### Task to complete
Each line of the listing that includes "Variables" should be reported.

----------------

(* Let $\alpha$ be a unit speed Frenet curve in $\mathbb{E}^3$ with curvature $\kappa$, let $\beta$ be an osculating mate of $\alpha$, and let $\theta(s)=\int\kappa(s)ds$ be the antiderivative of $\kappa$ with $\beta'=\sin\theta\,T+\cos\theta\,N$. Then $\beta$ is a rectifying curve if and only if $\tan\theta(s)$ is a linear function of $s$, i.e. $\tan\theta(s)=a_1s+a_2$ for real constants $a_1\neq0$, $a_2$.
   Context: $\alpha:I\to\mathbb{E}^3$ is parametrized by arclength $s$, with Frenet frame $\{T,N,B\}$, curvature $\kappa>0$, torsion $\tau$. An osculating mate of $\alpha$ is a curve $\beta(s)=\int(x_1T+x_2N)ds$ with smooth $x_1,x_2$, $x_1^2+x_2^2=1$ and $\beta''\perp\mathrm{span}\{T,N\}$; $\beta$ is assumed to be a Frenet curve, unit speed in $s$, with Frenet frame $\{\bar T,\bar N,\bar B\}$. Being given by an indefinite integral, $\beta$ is determined up to a translation, and ''$\beta$ is rectifying'' is understood for a suitable choice of this integration constant. A Frenet curve is rectifying if its position vector always lies in its rectifying plane $\mathrm{span}\{\bar T,\bar B\}$; for a unit speed curve with curvature $\bar\kappa$ and torsion $\bar\tau$ this is characterized (up to translation) by $\bar\tau/\bar\kappa=\frac1c(s+b)$ for real constants $c\neq0$, $b$. *)

From HB Require Import structures.
From mathcomp Require Import all_boot all_order all_algebra.
From mathcomp Require Import all_classical all_reals all_analysis.
Set Implicit Arguments. Unset Strict Implicit. Unset Printing Implicit Defensive.
Import Order.TTheory GRing.Theory Num.Theory.
Import numFieldNormedType.Exports.
Local Open Scope classical_set_scope.
Local Open Scope ring_scope.

Section E3.
Variable R : realType.
Notation V := 'rV[R]_3.

Definition dotp (u v : V) : R := \sum_(i < 3) u 0 i * v 0 i.
Definition enorm (u : V) : R := Num.sqrt (dotp u u).
Definition crossp (u v : V) : V :=
  let c (w : V) (k : nat) := w 0 (inord k) in
  \row_(k < 3) match val k with
               | 0 => c u 1 * c v 2 - c u 2 * c v 1
               | 1 => c u 2 * c v 0 - c u 0 * c v 2
               | _ => c u 0 * c v 1 - c u 1 * c v 0
               end.

Definition frenetT (g : R -> V) (s : R) : V := derive1 g s.
Definition frenetN (g : R -> V) (s : R) : V :=
  (enorm (derive1 (derive1 g) s))^-1 *: derive1 (derive1 g) s.
Definition frenetB (g : R -> V) (s : R) : V :=
  crossp (frenetT g s) (frenetN g s).

Definition rectifying_on (I : set R) (g : R -> V) : Prop :=
  forall s, I s -> exists l m : R, g s = l *: frenetT g s + m *: frenetB g s.

End E3.

From HB Require Import structures.
From mathcomp Require Import all_boot all_order all_algebra.
From mathcomp Require Import all_classical all_reals all_analysis.
From mathcomp Require Import ring.
Set Implicit Arguments. Unset Strict Implicit. Unset Printing Implicit Defensive.
Import Order.TTheory GRing.Theory Num.Theory.
Import numFieldNormedType.Exports.
Local Open Scope classical_set_scope.
Local Open Scope ring_scope.

(* Differentiating beta' = sin(theta) T + cos(theta) N with theta' = kappa
   gives beta'' = tau cos(theta) B, so beta'' is parallel to B: the tangent of
   beta lies in span{T, N} and its binormal is the unit vector
   cos(theta) T - sin(theta) N of that plane.  Hence the rectifying plane of
   beta is span{T, N}, and a translate p of beta is rectifying iff p.B = 0.
   Differentiating p.B = 0 twice gives p.N = 0 and kappa (p.T) = cos(theta),
   while (p.T)' = sin(theta); so cos(theta) (p.T) is a constant C, i.e.
   kappa = cos(theta)^2 / C, which says (tan theta)' = 1/C.  Conversely, if
   (tan theta)' = a1 then p := beta - (a1 cos theta)^-1 T is constant, and the
   translate beta - p = (a1 cos theta)^-1 T is orthogonal to B. *)

Section VectorAlgebra.
Context {R : realType}.
Implicit Types u v w : 'rV[R]_3.

Lemma ord3P (i : 'I_3) : [\/ i = inord 0, i = inord 1 | i = inord 2].
Proof.
case: i => [[|[|[|k]]] lt_i3] //;
  [constructor 1 | constructor 2 | constructor 3];
  by apply/val_inj; rewrite /= inordK.
Qed.

Lemma eq_row3 u v :
    u 0 (inord 0) = v 0 (inord 0) -> u 0 (inord 1) = v 0 (inord 1) ->
    u 0 (inord 2) = v 0 (inord 2) ->
  u = v.
Proof. by move=> e0 e1 e2; apply/rowP => i; case: (ord3P i) => ->. Qed.

Lemma sum_ord3 (F : 'I_3 -> R) :
  \sum_(i < 3) F i = F (inord 0) + F (inord 1) + F (inord 2).
Proof.
rewrite !big_ord_recl big_ord0 addr0 addrA.
by congr (_ + _ + _); congr F; apply/val_inj; rewrite /= inordK.
Qed.

Lemma dotpE u v : dotp u v =
  u 0 (inord 0) * v 0 (inord 0) + u 0 (inord 1) * v 0 (inord 1)
  + u 0 (inord 2) * v 0 (inord 2).
Proof. by rewrite /dotp sum_ord3. Qed.

Lemma val_inord3 k : (k < 3)%N -> \val (inord k : 'I_3) = k.
Proof. exact: inordK. Qed.

Lemma crosspE0 u v : crossp u v 0 (inord 0) =
  u 0 (inord 1) * v 0 (inord 2) - u 0 (inord 2) * v 0 (inord 1).
Proof. by rewrite /crossp mxE val_inord3. Qed.

Lemma crosspE1 u v : crossp u v 0 (inord 1) =
  u 0 (inord 2) * v 0 (inord 0) - u 0 (inord 0) * v 0 (inord 2).
Proof. by rewrite /crossp mxE val_inord3. Qed.

Lemma crosspE2 u v : crossp u v 0 (inord 2) =
  u 0 (inord 0) * v 0 (inord 1) - u 0 (inord 1) * v 0 (inord 0).
Proof. by rewrite /crossp mxE val_inord3. Qed.

Ltac coord_ring :=
  rewrite ?dotpE ?(crosspE0, crosspE1, crosspE2) ?(crosspE0, crosspE1, crosspE2)
          ?mxE ?val_inord3 //; ring.

Lemma dotpC u v : dotp u v = dotp v u. Proof. coord_ring. Qed.
Lemma dotpDl u v w : dotp (u + v) w = dotp u w + dotp v w. Proof. coord_ring. Qed.
Lemma dotpDr u v w : dotp u (v + w) = dotp u v + dotp u w. Proof. coord_ring. Qed.
Lemma dotpBl u v w : dotp (u - v) w = dotp u w - dotp v w. Proof. coord_ring. Qed.
Lemma dotpZl k u v : dotp (k *: u) v = k * dotp u v. Proof. coord_ring. Qed.
Lemma dotpZr k u v : dotp u (k *: v) = k * dotp u v. Proof. coord_ring. Qed.
Lemma dotp_crossl u v : dotp u (crossp u v) = 0. Proof. coord_ring. Qed.
Lemma dotp_crossr u v : dotp v (crossp u v) = 0. Proof. coord_ring. Qed.

Lemma dotp_crossp_self u v :
  dotp (crossp u v) (crossp u v) = dotp u u * dotp v v - dotp u v ^+ 2.
Proof. coord_ring. Qed.

Lemma crossp0r u : crossp u 0 = 0.
Proof. apply: eq_row3; coord_ring. Qed.

Lemma crosspZr k u v : crossp u (k *: v) = k *: crossp u v.
Proof. apply: eq_row3; coord_ring. Qed.

Lemma crossp_cross u v w : crossp u (crossp v w) = dotp u w *: v - dotp u v *: w.
Proof. apply: eq_row3; coord_ring. Qed.

End VectorAlgebra.

Section OrthonormalPair.
Context {R : realType}.
Variables (t n : 'rV[R]_3).
Hypotheses (t_unit : dotp t t = 1) (n_unit : dotp n n = 1) (tn0 : dotp t n = 0).

Lemma dotp_crossp_unit : dotp (crossp t n) (crossp t n) = 1.
Proof. by rewrite dotp_crossp_self t_unit n_unit tn0 expr0n /= subr0 mulr1. Qed.

Lemma orthogonal_parallel_crossp v : dotp v t = 0 -> dotp v n = 0 ->
  v = dotp v (crossp t n) *: crossp t n.
Proof.
move=> vt0 vn0.
have vxb0 : crossp v (crossp t n) = 0.
  by rewrite crossp_cross vt0 vn0 !scale0r subr0.
have := crossp_cross (crossp t n) v (crossp t n).
rewrite vxb0 crossp0r dotp_crossp_unit scale1r => /eqP.
by rewrite eq_sym subr_eq0 dotpC => /eqP.
Qed.

Lemma crossp_plane_crossp a b :
  crossp (a *: t + b *: n) (crossp t n) = b *: t - a *: n.
Proof.
rewrite crossp_cross !dotpDl !dotpZl t_unit n_unit tn0 dotpC tn0.
by rewrite !mulr0 !mulr1 addr0 add0r.
Qed.

End OrthonormalPair.

Section RealCalculus.
Context {R : realType}.

Lemma is_derive1 (V : normedModType R) (f : R -> V) (s : R) (df : V) :
  derivable f s 1 -> derive1 f s = df -> is_derive s 1 f df.
Proof. by move=> fd <-; rewrite derive1E; exact: derivableP. Qed.

Lemma is_derive_coord m n (f : R -> 'M[R]_(m, n)) (s : R) df
    (i : 'I_m) (j : 'I_n) :
  is_derive s 1 f df -> is_derive s 1 (fun t => f t i j) (df i j).
Proof.
move=> [fd <-].
pose rate h := h^-1 *: (((fun t => f t i j) \o shift s) (h *: 1) - f s i j).
have rateE : rate = (fun M : 'M[R]_(m, n) => M i j)
    \o (fun h : R => h^-1 *: ((f \o shift s) (h *: 1) - f s)).
  by apply/funext => h /=; rewrite !mxE.
have rate_cvg : rate @ 0^' --> ('D_1 f s) i j.
  rewrite rateE /derive; apply: continuous_cvg; first exact: coord_continuous.
  exact: fd.
apply: DeriveDef; first by apply/cvg_ex; eexists; exact: rate_cvg.
by rewrite /derive; exact: cvg_lim rate_cvg.
Qed.

Lemma is_derive_dotp (f g : R -> 'rV[R]_3) (s : R) (df dg : 'rV[R]_3) :
  is_derive s 1 f df -> is_derive s 1 g dg ->
  is_derive s 1 (fun t => dotp (f t) (g t)) (dotp df (g s) + dotp (f s) dg).
Proof.
move=> fd gd.
have coordM k := is_deriveM (is_derive_coord 0 (inord k) fd)
                            (is_derive_coord 0 (inord k) gd).
have sumM := is_deriveD (is_deriveD (coordM 0%N) (coordM 1%N)) (coordM 2%N).
rewrite (_ : (fun t => dotp (f t) (g t)) = (fun t =>
    f t 0 (inord 0) * g t 0 (inord 0) + f t 0 (inord 1) * g t 0 (inord 1)
    + f t 0 (inord 2) * g t 0 (inord 2))).
  2: by apply/funext => t; rewrite dotpE.
apply: is_derive_eq sumM _.
by rewrite !dotpE -![_ *: _]/(_ * _); ring.
Qed.

Lemma derive1_addr_cst (V : normedModType R) (f : R -> V) c :
  derive1 (fun t => f t + c) = derive1 f.
Proof.
apply/funext => s; rewrite /derive1.
have -> : (fun h : R => h^-1 *: (f (h + s) + c - (f s + c)))
    = (fun h => h^-1 *: (f (h + s) - f s)).
  by apply/funext => h; rewrite opprD addrACA subrr addr0.
by [].
Qed.

Lemma is_derive_eq_on (V : normedModType R) (I : set R) (phi psi : R -> V)
    (s : R) (d e : V) :
  open I -> I s -> (forall t, I t -> phi t = psi t) ->
  is_derive s 1 phi d -> is_derive s 1 psi e -> d = e.
Proof.
move=> oI Is phi_psi [_ <-] [_ <-]; apply: near_eq_derive.
have : nbhs s I by apply: open_nbhs_nbhs; split.
by apply: filterS => t /phi_psi.
Qed.

Lemma is_derive_on_zero (I : set R) (phi : R -> R) (s d : R) :
  open I -> I s -> (forall t, I t -> phi t = 0) -> is_derive s 1 phi d -> d = 0.
Proof.
by move=> oI Is phi0 /(is_derive_eq_on oI Is phi0); apply; exact: is_derive_cst.
Qed.

Lemma is_derive0_cst_on (I : set R) (phi : R -> R) :
  is_interval I -> (forall t, I t -> is_derive t 1 phi 0) ->
  forall x y, I x -> I y -> phi x = phi y.
Proof.
move=> iI phi'0 x y Ix Iy.
wlog le_xy : x y Ix Iy / x <= y.
  move=> cst; case: (leP x y) => [|/ltW] xy; first exact: cst.
  by symmetry; exact: cst.
have Ixy z : x <= z <= y -> I z by apply: iI.
have phi'0_in z : z \in `]x, y[ -> is_derive z 1 phi ((fun=> 0) z).
  by rewrite in_itv /= => /andP[xz zy]; apply: phi'0; apply: Ixy; rewrite !ltW.
have phi_cont : {within `[x, y], continuous phi}.
  apply: derivable_within_continuous => z; rewrite in_itv /= => xzy.
  by apply: (@ex_derive _ _ _ _ _ _ 0); apply: phi'0; apply: Ixy.
have [c _] := MVT_segment le_xy phi'0_in phi_cont.
by rewrite mul0r => /eqP; rewrite subr_eq0 => /eqP ->.
Qed.

End RealCalculus.

Section OsculatingMate.
Context {R : realType}.
Variables (I : set R) (T N B beta : R -> 'rV[R]_3) (kappa tau theta : R -> R).
Hypothesis I_open : open I.
Hypothesis I_interval : is_interval I.
Hypothesis frame_orthonormal : forall s, I s ->
  [/\ dotp (T s) (T s) = 1, dotp (N s) (N s) = 1, dotp (T s) (N s) = 0
    & B s = crossp (T s) (N s)].
Hypothesis T'_frenet : forall s, I s -> is_derive s 1 T (kappa s *: N s).
Hypothesis N'_frenet : forall s, I s ->
  is_derive s 1 N (- kappa s *: T s + tau s *: B s).
Hypothesis B'_frenet : forall s, I s -> is_derive s 1 B (- tau s *: N s).
Hypothesis theta'_kappa : forall s, I s -> is_derive s 1 theta (kappa s).
Hypothesis beta_derivable : forall s, I s -> derivable beta s 1.
Hypothesis beta'_angle : forall s, I s ->
  derive1 beta s = sin (theta s) *: T s + cos (theta s) *: N s.
Hypothesis beta'_derivable : forall s, I s -> derivable (derive1 beta) s 1.
Hypothesis beta''_osculating : forall s, I s ->
  dotp (derive1 (derive1 beta) s) (T s) = 0 /\
  dotp (derive1 (derive1 beta) s) (N s) = 0.
Hypothesis beta''_neq0 : forall s, I s -> derive1 (derive1 beta) s != 0.

Lemma dotp_frame_B s : I s ->
  [/\ dotp (T s) (B s) = 0, dotp (N s) (B s) = 0 & dotp (B s) (B s) = 1].
Proof.
move=> /frame_orthonormal[tt nn tn ->].
by rewrite dotp_crossl dotp_crossr (dotp_crossp_unit tt nn tn).
Qed.

Lemma dotp_beta' s : I s ->
  [/\ dotp (derive1 beta s) (T s) = sin (theta s),
      dotp (derive1 beta s) (N s) = cos (theta s)
    & dotp (derive1 beta s) (B s) = 0].
Proof.
move=> Is; have [tt nn tn _] := frame_orthonormal Is.
have [tb nb _] := dotp_frame_B Is.
rewrite beta'_angle // !dotpDl !dotpZl tt nn tb nb (dotpC (N s)) tn.
by rewrite !mulr0 !mulr1 !addr0 !add0r.
Qed.

Lemma beta''_binormal s : I s ->
  derive1 (derive1 beta) s = (tau s * cos (theta s)) *: B s.
Proof.
move=> Is; have [tt nn tn Bs] := frame_orthonormal Is.
have [b''T b''N] := beta''_osculating Is.
have b'B0 t : I t -> dotp (derive1 beta t) (B t) = 0 by case/dotp_beta'.
have := is_derive_on_zero I_open Is b'B0
  (is_derive_dotp (is_derive1 (beta'_derivable Is) erefl) (B'_frenet Is)).
have [_ b'N _] := dotp_beta' Is.
rewrite dotpZr b'N mulNr => /eqP; rewrite addr_eq0 opprK => /eqP <-.
rewrite Bs; exact: orthogonal_parallel_crossp.
Qed.

Lemma tau_cos_neq0 s : I s -> tau s * cos (theta s) != 0.
Proof.
move=> Is; move: (beta''_neq0 Is); rewrite beta''_binormal //.
by apply: contra_neq => ->; rewrite scale0r.
Qed.

Lemma tau_neq0 s : I s -> tau s != 0.
Proof. by move=> /tau_cos_neq0; rewrite mulf_eq0 negb_or => /andP[]. Qed.

Lemma cos_theta_neq0 s : I s -> cos (theta s) != 0.
Proof. by move=> /tau_cos_neq0; rewrite mulf_eq0 negb_or => /andP[]. Qed.

Lemma is_derive_cos_theta s : I s ->
  is_derive s 1 (fun t => cos (theta t)) (- sin (theta s) * kappa s).
Proof.
by move=> Is; exact: is_derive1_comp (is_derive_cos _) (theta'_kappa Is).
Qed.

Lemma is_derive_tan_theta s : I s ->
  is_derive s 1 (fun t => tan (theta t)) (cos (theta s) ^- 2 * kappa s).
Proof.
move=> Is.
exact: is_derive1_comp (is_derive_tan (cos_theta_neq0 Is)) (theta'_kappa Is).
Qed.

----------------

### Result
Variables (t n : 'rV[R]_3).
Variables (I : set R) (T N B beta : R -> 'rV[R]_3) (kappa tau theta : R -> R).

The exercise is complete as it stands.